What is being asked => Copy, in full, each line of the material that holds the word "Definition".
------
Lemma component_inter e e' : e <> 0 -> e' <> 0 -> e <> e' -> forall p,
  component e p /\ component e' p <-> p = branch e Rad \/ p = branch e (- Rad).
Proof.
move=> e0 e'0 ee' p; split.
- move=> [/(component_iff _ _ e0) [u ->] /(component_iff _ _ e'0) [u' E]].
  have uu' : u = u' by have := f_equal ucoord E; rewrite -/(branch _ _) !ucoord_branch.
  subst u'; have vv' : vpar e u = vpar e' u.
    by have := f_equal vcoord E; rewrite -!/(branch _ _) !vcoord_branch.
  have : (u ^ 2 - Rad ^ 2) * (e' - e) = 0.
    transitivity (2 * Rad * e * e' * (vpar e u - vpar e' u)); first by rewrite /vpar; field; lra.
    by rewrite vv' Rminus_diag Rmult_0_r.
  case/Rmult_integral => [u2|]; last lra.
  have /Rmult_integral [uR|uR] : (u - Rad) * (u + Rad) = 0 by lra.
    by left; congr branch; lra.
  by right; congr branch; lra.
- have Rad2 : (- Rad) ^ 2 = Rad ^ 2 by ring.
  move=> [->|->]; (split; [|rewrite (branch_at_Rad e e') //]); exact: component_branch.
Qed.

Lemma component_not_sub e e' : e <> 0 -> e' <> 0 -> e <> e' ->
  ~ (forall p, component e p -> component e' p).
Proof.
move=> e0 e'0 ee' sub.
have /(component_inter _ _ e0 e'0 ee' _) : component e (branch e 0) /\ component e' (branch e 0).
  by split; [|apply: sub]; exact: component_branch.
by case=> /branch_inj; lra.
Qed.

Lemma one_pm_c_neq0 : 1 + c <> 0 /\ 1 - c <> 0.
Proof. have : 0 < s * s by apply: Rsqr_pos_lt. by move=> ?; split; nra. Qed.

Definition bplus (e : R) : R := - (2 * Rad * e * s) / (1 + c).
Definition bminus (e : R) : R := 2 * Rad * e * s / (1 - c).

(* 2 z - 1 = v^2 - y^2 = (v (1 + c) - u s) (v (1 - c) + u s), and each factor is
   a nonzero multiple of one of the two quadratics. *)
Lemma plane_half_branch e u : e <> 0 ->
  plane 0 0 1 (1 / 2) (branch e u) <->
  u ^ 2 + bplus e * u - Rad ^ 2 = 0 \/ u ^ 2 + bminus e * u - Rad ^ 2 = 0.
Proof.
move=> e0; have [c1 c2] := one_pm_c_neq0; have s2 : 0 < s * s by apply: Rsqr_pos_lt.
have Re0 : 2 * Rad * e <> 0 by apply: Rmult_integral_contrapositive_currified; lra.
set Q1 := _ ^ 2 + bplus e * u - _; set Q2 := _ ^ 2 + bminus e * u - _.
set k := s ^ 2 / (2 * Rad * e) ^ 2.
have k_pos : 0 < k by apply: Rdiv_lt_0_compat; [nra | apply: pow2_gt_0].
rewrite branchE /plane; set v := vpar e u.
have -> : 0 * (u * c + v * s) + 0 * (u * s - v * c) +
    1 * ((1 - (u * s - v * c) ^ 2 + v ^ 2) / 2) = 1 / 2 + k * (Q1 * Q2) / 2.
  rewrite /k -(_ : (1 + c) * (1 - c) = s ^ 2); last by transitivity (1 - c ^ 2); [ring | lra].
  by rewrite /Q1 /Q2 /v /vpar /bplus /bminus; field; do !split => //; lra.
split => [E | QQ]; last by case: QQ => ->; rewrite ?Rmult_0_l ?Rmult_0_r; lra.
have /Rmult_integral [|/Rmult_integral //] : k * (Q1 * Q2) = 0 by lra.
lra.
Qed.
------
Exercise response =>
Definition bplus (e : R) : R := - (2 * Rad * e * s) / (1 + c).
Definition bminus (e : R) : R := 2 * Rad * e * s / (1 - c).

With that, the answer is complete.